THE DATA:

Lemma limit_decomposition_unique k : forall l k' l',
  is_limit l -> is_limit l' -> succ_defined l k -> succ_defined l' k' ->
  Nat.iter k succ l = Nat.iter k' succ l' -> l = l' /\ k = k'.
Proof.
  induction k as [|k IH]; intros l [|k'] l' Hl Hl' Hk Hk' E; simpl in E.
  - auto.
  - exfalso. subst l. exact (succ_not_limit (Hk' k' (PeanoNat.Nat.lt_succ_diag_r _)) Hl).
  - exfalso. rewrite <- E in Hl'. exact (succ_not_limit (Hk k (PeanoNat.Nat.lt_succ_diag_r _)) Hl').
  - apply succ_inj in E; [|apply Hk; lia | apply Hk'; lia].
    destruct (IH l k' l' Hl Hl') as [-> ->]; auto.
    + intros i Hi; apply Hk; lia.
    + intros i Hi; apply Hk'; lia.
Qed.

(* A finite block ends at the maximum of W, so there is at most one. *)
Lemma finite_block_unique l l' :
  is_limit l -> is_limit l' -> ~ infinite_block l -> ~ infinite_block l' -> l = l'.
Proof.
  intros Hl Hl' Hf Hf'.
  apply not_all_ex_not in Hf. destruct Hf as [k Hk].
  destruct (nat_least (fun k => ~ has_succ (Nat.iter k succ l)) _ Hk) as [k0 [H0 M0]].
  apply not_all_ex_not in Hf'. destruct Hf' as [k' Hk'].
  destruct (nat_least (fun k => ~ has_succ (Nat.iter k succ l')) _ Hk') as [k1 [H1 M1]].
  assert (E : Nat.iter k0 succ l = Nat.iter k1 succ l').
  { destruct (wo_total HW (Nat.iter k0 succ l) (Nat.iter k1 succ l')) as [h|[h|h]];
      auto; exfalso; [apply H0 | apply H1]; eexists; exact h. }
  apply (@limit_decomposition_unique k0 l k1 l'); auto.
  - intros i Hi. apply NNPP, M0, Hi.
  - intros i Hi. apply NNPP, M1, Hi.
Qed.

Definition decompose (x : W) : W * nat :=
  eps (x, 0) (fun p => is_limit (fst p) /\ succ_defined (fst p) (snd p) /\
                       Nat.iter (snd p) succ (fst p) = x).

Lemma decompose_spec x :
  is_limit (fst (decompose x)) /\ succ_defined (fst (decompose x)) (snd (decompose x)) /\
  Nat.iter (snd (decompose x)) succ (fst (decompose x)) = x.
Proof.
  unfold decompose. apply eps_spec.
  destruct (limit_decomposition x) as [l [k H]]. exists (l, k). exact H.
Qed.

Hypothesis Winf : exists j : nat -> W, injective j.

Lemma exists_infinite_block : exists l, is_limit l /\ infinite_block l.
Proof.
  destruct Winf as [j Hj]. apply NNPP. intros N.
  assert (Hfin : forall x, ~ infinite_block (fst (decompose x))).
  { intros x I. apply N. exists (fst (decompose x)). split; [apply decompose_spec | exact I]. }
  set (l := fst (decompose (j 0))).
  assert (Hl : forall n, fst (decompose (j n)) = l).
  { intros n. apply finite_block_unique; try apply decompose_spec; apply Hfin. }
  pose proof (Hfin (j 0)) as Hk. apply not_all_ex_not in Hk. destruct Hk as [k Hk].
  destruct (nat_least (fun k => ~ has_succ (Nat.iter k succ l)) _ Hk) as [K [HK _]].
  apply (@bounded_nat_fun_not_injective (fun n => snd (decompose (j n))) K).
  - intros n. destruct (decompose_spec (j n)) as [_ [Hn _]]. rewrite Hl in Hn.
    destruct (Compare_dec.le_lt_dec (snd (decompose (j n))) K) as [h|h]; auto.
    exfalso. exact (HK (Hn K h)).
  - intros n m E. apply Hj.
    destruct (decompose_spec (j n)) as [_ [_ <-]], (decompose_spec (j m)) as [_ [_ <-]].
    rewrite !Hl, E. reflexivity.
Qed.

(* Inside an infinite block l the point l + 2 <n, k> codes (n, l + k); points of the
   (unique) finite block are sent to odd offsets of a fixed infinite block l0. *)
Lemma nat_prod_absorb : exists phi : nat * W -> W, injective phi.
Proof.
  destruct exists_infinite_block as [l0 [L0 I0]].
  exists (fun p => let x := snd p in
    if excluded_middle_informative (infinite_block (fst (decompose x)))
    then Nat.iter (2 * to_nat (fst p, snd (decompose x))) succ (fst (decompose x))
    else Nat.iter (S (2 * to_nat (fst p, snd (decompose x)))) succ l0).
  intros [n x] [m y]. cbv beta zeta. cbn [fst snd].
  destruct (decompose_spec x) as [Lx [Cx Ex]], (decompose_spec y) as [Ly [Cy Ey]].
  destruct (excluded_middle_informative (infinite_block (fst (decompose x)))) as [Ix|Ix];
  destruct (excluded_middle_informative (infinite_block (fst (decompose y)))) as [Iy|Iy];
  intros E; apply limit_decomposition_unique in E; auto; try (intros i _; auto);
  destruct E as [E1 E2].
  - assert (P : (n, snd (decompose x)) = (m, snd (decompose y))) by (apply to_nat_inj; lia).
    injection P as -> P. rewrite <- Ex, <- Ey, E1, P. reflexivity.
  - lia.
  - lia.
  - assert (P : (n, snd (decompose x)) = (m, snd (decompose y))) by (apply to_nat_inj; lia).
    injection P as -> P. rewrite <- Ex, <- Ey, P, (finite_block_unique Lx Ly Ix Iy). reflexivity.
Qed.

End Absorption.

Lemma well_order_pullback {A B : Type} {R : B -> B -> Prop} (g : A -> B) :
  well_order R -> injective g -> well_order (fun x y => R (g x) (g y)).
Proof.
  intros HW Hg. constructor.
  - apply wf_inverse_image. exact (wo_wf HW).
  - intros a b c h1 h2. exact (wo_trans HW _ _ _ h1 h2).
  - intros a b. destruct (wo_total HW (g a) (g b)) as [h|[h|h]]; auto.
Qed.

Definition sum_nat_lt {T : Type} (lt : T -> T -> Prop) (u v : T + nat) : Prop :=
  match u, v with
  | inl a, inl b => lt a b
  | inl _, inr _ => True
  | inr _, inl _ => False
  | inr n, inr m => n < m
  end.

Lemma sum_nat_well_order {T : Type} {lt : T -> T -> Prop} :
  well_order lt -> well_order (sum_nat_lt lt).
Proof.
  intros HW.
  assert (AL : forall a, Acc (sum_nat_lt lt) (inl a)).
  { intros a. induction a as [a IH] using (well_founded_ind (wo_wf HW)).
    constructor. intros [b|n] h; simpl in h; [apply IH; exact h | contradiction]. }
  constructor.
  - intros [a|n]; [apply AL|].
    induction n as [n IH] using (well_founded_ind PeanoNat.Nat.lt_wf_0).
    constructor. intros [b|m] h; [apply AL | apply IH; exact h].
  - intros [a|n] [b|m] [c|k]; simpl; try tauto; try lia. apply (wo_trans HW).
  - intros [a|n] [b|m]; simpl; auto.
    + destruct (wo_total HW a b) as [h|[h|h]]; subst; auto.
    + destruct (PeanoNat.Nat.lt_trichotomy n m) as [h|[h|h]]; subst; auto.
Qed.
(* Let $L>0$, $g\in L^2(0,L;\mathbb{C})$, $\lambda_0=\int_0^L\overline{g(x)}dx$, $\lambda_k=\frac{2ik\pi}{L}$ for $k\in\mathbb{Z}\setminus\{0\}$, and assume $\lambda_0\ne\lambda_k$ for all $k\ne0$. Let $\tilde A^*$ be the operator on $L^2(0,L)$ with domain $D(\tilde A^* )=\{z\in H^1(0,L):z(L)=z(0)\}$, $\tilde A^*z(x)=-z'(x)+\int_0^L\overline{g(y)}z(y)dy$, and $\tilde B^*:D(\tilde A^* )\to\mathbb{C}$, $\tilde B^*z=z(L)$. Then $\ker(\lambda-\tilde A^* )\cap\ker\tilde B^*=\{0\}$ for every $\lambda\in\mathbb{C}$ if and only if $$1+\frac{1}{\lambda_k-\lambda_0}\int_0^L\overline{g(x)}e^{-\lambda_kx}dx\ne0\quad\text{for all }k\in\mathbb{Z}\setminus\{0\}.$$ *)

From HB Require Import structures.
From mathcomp Require Import all_boot all_order all_algebra.
From mathcomp Require Import all_classical all_reals all_analysis.
From mathcomp Require Import complex.
Set Implicit Arguments. Unset Strict Implicit. Unset Printing Implicit Defensive.
Import Order.TTheory GRing.Theory Num.Theory.
Import numFieldNormedType.Exports.
Local Open Scope classical_set_scope.
Local Open Scope ring_scope.

Section Defs.
Variable R : realType.
Local Notation mu := (@lebesgue_measure R).

Definition ReF (f : R -> R[i]) : R -> R := fun x => complex.Re (f x).
Definition ImF (f : R -> R[i]) : R -> R := fun x => complex.Im (f x).

Definition cint (a b : R) (f : R -> R[i]) : R[i] :=
  Complex (\int[mu]_(x in `[a, b]) ReF f x) (\int[mu]_(x in `[a, b]) ImF f x).

Definition L2 (L : R) (f : R -> R[i]) : Prop :=
  [/\ measurable_fun `[0, L] (ReF f), measurable_fun `[0, L] (ImF f) &
      mu.-integrable `[0, L]
        (fun x => ((ReF f x) ^+ 2 + (ImF f x) ^+ 2)%:E)].

(* w is a (weak) derivative of z in L^2 on [0,L], i.e. z is (the continuous
   representative of) an H^1(0,L) function with z' = w:
   z(x) = z(0) + \int_0^x w  for all x in [0,L]. *)
Definition H1_deriv (L : R) (z w : R -> R[i]) : Prop :=
  L2 L w /\ forall x, 0 <= x <= L -> z x = z 0 + cint 0 x w.

Definition H1 (L : R) (z : R -> R[i]) : Prop := exists w, H1_deriv L z w.

Definition in_dom_Astar (L : R) (z : R -> R[i]) : Prop := H1 L z /\ z L = z 0.

Definition in_ker_lam_Astar (L : R) (g : R -> R[i]) (lam : R[i])
    (z : R -> R[i]) : Prop :=
  in_dom_Astar L z /\
  exists w, H1_deriv L z w /\
    {ae mu, forall x, 0 <= x <= L ->
       lam * z x - (- w x + cint 0 L (fun y => (g y)^*%C * z y)) = 0}.

Definition Bstar (z : R -> R[i]) (L : R) : R[i] := z L.

Definition expi (t : R) : R[i] := Complex (cos t) (sin t).

Definition lamk (L : R) (k : int) : R[i] := Complex 0 (2 * k%:~R * pi / L).

Definition lam0 (L : R) (g : R -> R[i]) : R[i] := cint 0 L (fun x => (g x)^*%C).

End Defs.

(* An element z of ker(lam - A* ) with z(L) = 0 also vanishes at 0 and solves
   z' = c - lam z with the constant c = \int_0^L conj(g) z.  Uniqueness for this
   linear equation (the energy e^{2 Re(lam) t} |z(t)|^2 is constant) gives z = c t
   when lam = 0, which z(L) = 0 kills, and z = (c / lam)(1 - e^{-lam t}) otherwise.
   A nonzero such z vanishes at L only if lam = lam_k for some k <> 0, and then
   the definition of c reads lam_k = lam_0 - \int_0^L conj(g) e^{-lam_k x}, i.e.
   the quantity 1 + (lam_k - lam_0)^{-1} \int_0^L conj(g) e^{-lam_k x} vanishes.
   Conversely, when it vanishes, 1 - e^{-lam_k x} is a nonzero element of the
   kernel vanishing at L. *)

From HB Require Import structures.
From mathcomp Require Import all_boot all_order all_algebra.
From mathcomp Require Import all_classical all_reals all_analysis.
From mathcomp Require Import complex.
From mathcomp Require Import ring lra measurable_realfun.
Set Implicit Arguments. Unset Strict Implicit. Unset Printing Implicit Defensive.
Import Order.TTheory GRing.Theory Num.Theory.
Import numFieldNormedType.Exports.
Local Open Scope classical_set_scope.
Local Open Scope ring_scope.

Section ComplexIntegral.
Variable R : realType.
Local Notation mu := (@lebesgue_measure R).
Implicit Types (a b t : R) (f h : R -> R) (F G : R -> R[i]).

Lemma complex_eq (x y : R[i]) :
  complex.Re x = complex.Re y -> complex.Im x = complex.Im y -> x = y.
Proof. by case: x => ? ?; case: y => ? ? /= -> ->. Qed.

Lemma ReFB F G : ReF (fun x => F x - G x) = fun x => ReF F x - ReF G x.
Proof. by apply/funext => x; rewrite /ReF; case: (F x); case: (G x). Qed.

Lemma ImFB F G : ImF (fun x => F x - G x) = fun x => ImF F x - ImF G x.
Proof. by apply/funext => x; rewrite /ImF; case: (F x); case: (G x). Qed.

Lemma ReFZ (c : R[i]) F :
  ReF (fun x => c * F x) = fun x => complex.Re c * ReF F x - complex.Im c * ImF F x.
Proof. by apply/funext => x; rewrite /ReF /ImF; case: c; case: (F x). Qed.

Lemma ImFZ (c : R[i]) F :
  ImF (fun x => c * F x) = fun x => complex.Re c * ImF F x + complex.Im c * ReF F x.
Proof. by apply/funext => x; rewrite /ReF /ImF; case: c; case: (F x) => ? ? ? ? /=; ring. Qed.

Definition itv_integrable a b f := mu.-integrable `[a, b] (EFin \o f).

Definition cintegrable a b F :=
  itv_integrable a b (ReF F) /\ itv_integrable a b (ImF F).

Lemma itv_integrableD a b f h : itv_integrable a b f -> itv_integrable a b h ->
  itv_integrable a b (fun x => f x + h x).
Proof.
move=> fI ih; rewrite /itv_integrable.
have -> : EFin \o (fun x => f x + h x) = ((EFin \o f) \+ (EFin \o h))%E.
  by apply/funext => x /=; rewrite EFinD.
exact: integrableD.
Qed.

Lemma itv_integrableN a b f : itv_integrable a b f ->
  itv_integrable a b (fun x => - f x).
Proof.
move=> fI; rewrite /itv_integrable.
have -> : EFin \o (fun x => - f x) = -%E \o (EFin \o f).
  by apply/funext => x /=; rewrite EFinN.
exact: integrableN.
Qed.

Lemma itv_integrableB a b f h : itv_integrable a b f -> itv_integrable a b h ->
  itv_integrable a b (fun x => f x - h x).
Proof. by move=> fI ih; exact: itv_integrableD fI (itv_integrableN ih). Qed.

Lemma itv_integrableZ a b k f : itv_integrable a b f ->
  itv_integrable a b (fun x => k * f x).
Proof.
move=> fI; rewrite /itv_integrable.
have -> : EFin \o (fun x => k * f x) = (fun x => k%:E * (EFin \o f) x)%E.
  by apply/funext => x /=; rewrite EFinM.
exact: integrableZl.
Qed.

Lemma itv_integrableM_bounded a b f h M : itv_integrable a b f -> continuous h ->
  (forall x, `|h x| <= M) -> itv_integrable a b (fun x => f x * h x).
Proof.
move=> fI ch hM; rewrite /itv_integrable.
have -> : EFin \o (fun x => f x * h x) = ((EFin \o f) \* (EFin \o h))%E.
  by apply/funext => x /=; rewrite EFinM.
apply: integrableMl => //; first exact: measurable_funS (continuous_measurable_fun ch).
by exists M; split; rewrite ?num_real => // M' MM' x _; exact: le_trans (hM x) (ltW MM').
Qed.

Lemma continuous_itv_integrable a b f : {within `[a, b], continuous f} ->
  itv_integrable a b f.
Proof. by move=> cf; apply: continuous_compact_integrable => //; exact: segment_compact. Qed.

Lemma L2_cintegrable L F : L2 L F -> cintegrable 0 L F.
Proof.
case=> mRe mIm iF.
have i1F : itv_integrable 0 L (fun x => 1 + (ReF F x ^+ 2 + ImF F x ^+ 2)).
  rewrite /itv_integrable.
  have -> : EFin \o (fun x => 1 + (ReF F x ^+ 2 + ImF F x ^+ 2)) =
            (EFin \o cst 1) \+ (fun x => (ReF F x ^+ 2 + ImF F x ^+ 2)%:E).
    by apply/funext => x /=; rewrite EFinD.
  apply: integrableD => //; apply: continuous_itv_integrable.
  exact/continuous_subspaceT/cst_continuous.
have le_sqr (u v : R) : `|u| <= `|1 + (u ^+ 2 + v ^+ 2)|.
  rewrite [X in _ <= X]ger0_norm ?addr_ge0 ?sqr_ge0 //.
  rewrite -(real_normK (num_real u)).
  by have := normr_ge0 u; have := sqr_ge0 v; move: `|u| => n; nra.
split; apply: le_integrable i1F => //; try exact/measurable_EFinP.
  by move=> x _; rewrite /= lee_fin le_sqr.
by move=> x _; rewrite /= lee_fin [_ + ImF F x ^+ 2]addrC le_sqr.
Qed.

Lemma cintegrable_conj a b F : cintegrable a b F ->
  cintegrable a b (fun x => (F x)^*%C).
Proof.
rewrite /cintegrable.
have -> : ReF (fun x => (F x)^*%C) = ReF F.
  by apply/funext => x; rewrite /ReF; case: (F x).
have -> : ImF (fun x => (F x)^*%C) = fun x => - ImF F x.
  by apply/funext => x; rewrite /ImF; case: (F x).
by case=> iRe iIm; split => //; exact: itv_integrableN.
Qed.

Lemma continuous_cintegrable a b F :
  {within `[a, b], continuous (ReF F)} -> {within `[a, b], continuous (ImF F)} ->
  cintegrable a b F.
Proof. by move=> cRe cIm; split; exact: continuous_itv_integrable. Qed.

Lemma cintegrableB a b F G : cintegrable a b F -> cintegrable a b G ->
  cintegrable a b (fun x => F x - G x).
Proof.
by case=> ? ?; case=> ? ?; rewrite /cintegrable ReFB ImFB; split; exact: itv_integrableB.
Qed.

Lemma cintegrableZ a b (c : R[i]) F : cintegrable a b F ->
  cintegrable a b (fun x => c * F x).
Proof.
case=> ? ?; rewrite /cintegrable ReFZ ImFZ.
by split; [apply: itv_integrableB | apply: itv_integrableD]; exact: itv_integrableZ.
Qed.

Lemma cintegrableM_expi a b F (theta : R -> R) : cintegrable a b F -> continuous theta ->
  cintegrable a b (fun x => F x * expi (theta x)).
Proof.
case=> iRe iIm ctheta; rewrite /cintegrable.
have ccos : continuous (cos \o theta).
  by move=> x; apply: continuous_comp; [exact: ctheta | exact: continuous_cos].
have csin : continuous (sin \o theta).
  by move=> x; apply: continuous_comp; [exact: ctheta | exact: continuous_sin].
have icos f : itv_integrable a b f -> itv_integrable a b (fun x => f x * cos (theta x)).
  by move=> fI; apply: itv_integrableM_bounded fI ccos _ => x; exact: cos_max.
have isin f : itv_integrable a b f -> itv_integrable a b (fun x => f x * sin (theta x)).
  by move=> fI; apply: itv_integrableM_bounded fI csin _ => x; exact: sin_max.
have -> : ReF (fun x => F x * expi (theta x)) =
          fun x => ReF F x * cos (theta x) - ImF F x * sin (theta x).
  by apply/funext => x; rewrite /ReF /ImF /expi; case: (F x).
have -> : ImF (fun x => F x * expi (theta x)) =
          fun x => ReF F x * sin (theta x) + ImF F x * cos (theta x).
  by apply/funext => x; rewrite /ReF /ImF /expi; case: (F x) => ? ? /=; ring.
split; [apply: itv_integrableB | apply: itv_integrableD];
  by [apply: icos | apply: isin].
Qed.

Lemma eq_Rintegral_itv a b f h : (forall x, a <= x <= b -> f x = h x) ->
  \int[mu]_(x in `[a, b]) f x = \int[mu]_(x in `[a, b]) h x.
Proof. by move=> fh; apply: eq_Rintegral => x; rewrite inE /= in_itv /= => /fh. Qed.

Lemma eq_cint a b F G : (forall x, a <= x <= b -> F x = G x) -> cint a b F = cint a b G.
Proof.
move=> FG; rewrite /cint; congr Complex; apply: eq_Rintegral_itv => x /FG.
  by rewrite /ReF => ->.
by rewrite /ImF => ->.
Qed.

Lemma cintB a b F G : cintegrable a b F -> cintegrable a b G ->
  cint a b (fun x => F x - G x) = cint a b F - cint a b G.
Proof. by case=> ? ?; case=> ? ?; rewrite /cint ReFB ImFB !RintegralB. Qed.

Lemma cintZ a b (c : R[i]) F : cintegrable a b F ->
  cint a b (fun x => c * F x) = c * cint a b F.
Proof.
case=> iRe iIm; rewrite /cint ReFZ ImFZ RintegralB ?RintegralD ?RintegralZl //;
  try exact: itv_integrableZ.
by case: c => ? ? /=; congr Complex; ring.
Qed.

Lemma cint_cst t (c : R[i]) : 0 <= t -> cint 0 t (fun=> c) = c * (t%:C)%C.
Proof.
move=> t0; have mu0t : fine (mu `[0, t]) = t.
  move: t0; rewrite le_eqVlt => /predU1P[<-|t0].
    by rewrite set_itv1 lebesgue_measure_set1.
  by rewrite lebesgue_measure_itv /= lte_fin t0 /= subr0.
by rewrite /cint /ReF /ImF !Rintegral_cst // mu0t; case: c => ? ? /=; congr Complex; ring.
Qed.

Lemma cintxx a F : cint a a F = 0.
Proof. by rewrite /cint set_itv1 !Rintegral_set1. Qed.

End ComplexIntegral.

Section Trigonometry.
Variable R : realType.

Lemma periodicz (f : R -> R) (x : R) (n : int) :
  (forall u, f (u + pi *+ 2) = f u) -> f (x + 2 * n%:~R * pi) = f x.
Proof.
move=> fper; have fpern (m : nat) y : f (y + 2 * m%:R * pi) = f y.
  have -> : 2 * m%:R * pi = pi *+ 2 *+ m :> R by rewrite -mulr_natr -mulr_natr; ring.
  exact: periodicn.
case: n => m; first exact: fpern.
rewrite NegzE mulrNz mulrN mulNr.
by rewrite -[in RHS](subrK (2 * m.+1%:R * pi) x) fpern.
Qed.

Lemma cosDz2pi (x : R) (n : int) : cos (x + 2 * n%:~R * pi) = cos x.
Proof. by apply: periodicz; exact: cosD2pi. Qed.

Lemma sinDz2pi (x : R) (n : int) : sin (x + 2 * n%:~R * pi) = sin x.
Proof. by apply: periodicz; exact: sinD2pi. Qed.

Lemma cos_eq1 (t : R) : cos t = 1 -> exists n : int, t = 2 * n%:~R * pi.
Proof.
move=> ct.
have pi2_gt0 : 0 < 2 * pi :> R by rewrite mulr_gt0 ?pi_gt0.
pose n := Num.floor (t / (2 * pi)); pose r := t - 2 * n%:~R * pi.
have cr : cos r = 1 by rewrite -ct /r -[in RHS](subrK (2 * n%:~R * pi) t) cosDz2pi.
have rE : r = (t / (2 * pi) - n%:~R) * (2 * pi) by rewrite /r mulrBl divfK ?gt_eqF //; ring.
have r_ge0 : 0 <= r by rewrite rE mulr_ge0 ?subr_ge0 ?Num.Theory.floor_le // ltW.
have r_lt : r < 2 * pi.
  rewrite rE -[X in _ < X]mul1r ltr_pM2r // ltrBlDl.
  by have := Num.Theory.floorD1_gt (t / (2 * pi)); rewrite intrD.
exists n; apply/eqP; rewrite -subr_eq0 -/r; apply/eqP.
have [r_lepi|pi_ltr] := lerP r pi.
  apply: (@cos_inj R r 0); rewrite ?in_itv /= ?r_ge0 ?r_lepi ?lexx ?pi_ge0 //.
  by rewrite cr cos0.
have c2 : cos (2 * pi - r) = cos 0.
  have -> : 2 * pi - r = - r + 2 * (1 : int)%:~R * pi by rewrite mulr1 addrC.
  by rewrite cosDz2pi cosN cr cos0.
have := @cos_inj R (2 * pi - r) 0.
rewrite !in_itv /= lexx pi_ge0 c2 subr_ge0 (ltW r_lt) lerBlDr -lerBlDl.
have -> : 2 * pi - pi = pi :> R by ring.
rewrite (ltW pi_ltr) => /(_ isT isT erefl) /eqP.
by rewrite subr_eq0 => /eqP r2pi; move: r_lt; rewrite r2pi ltxx.
Qed.

End Trigonometry.

Section Calculus.
Variable R : realType.
Local Notation mu := (@lebesgue_measure R).

Lemma is_derive_scale_comp (f : R -> R) (k t df : R) : is_derive (k * t) 1 f df ->
  is_derive t 1 (fun s => f (k * s)) (df * k).
Proof.
move=> fd; apply: (@is_derive1_comp _ f ( *%R k) t _ _ fd).
by apply: is_derive_eq; exact: mulr1.
Qed.

Lemma is_derive_expRM (k t : R) :
  is_derive t 1 (fun s => expR (k * s)) (expR (k * t) * k).
Proof. exact: is_derive_scale_comp. Qed.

TASK ITEM:
Look through the entries above; copy every line holding the string "lexx".

EXERCISE SOLUTION:
  apply: (@cos_inj R r 0); rewrite ?in_itv /= ?r_ge0 ?r_lepi ?lexx ?pi_ge0 //.
rewrite !in_itv /= lexx pi_ge0 c2 subr_ge0 (ltW r_lt) lerBlDr -lerBlDl.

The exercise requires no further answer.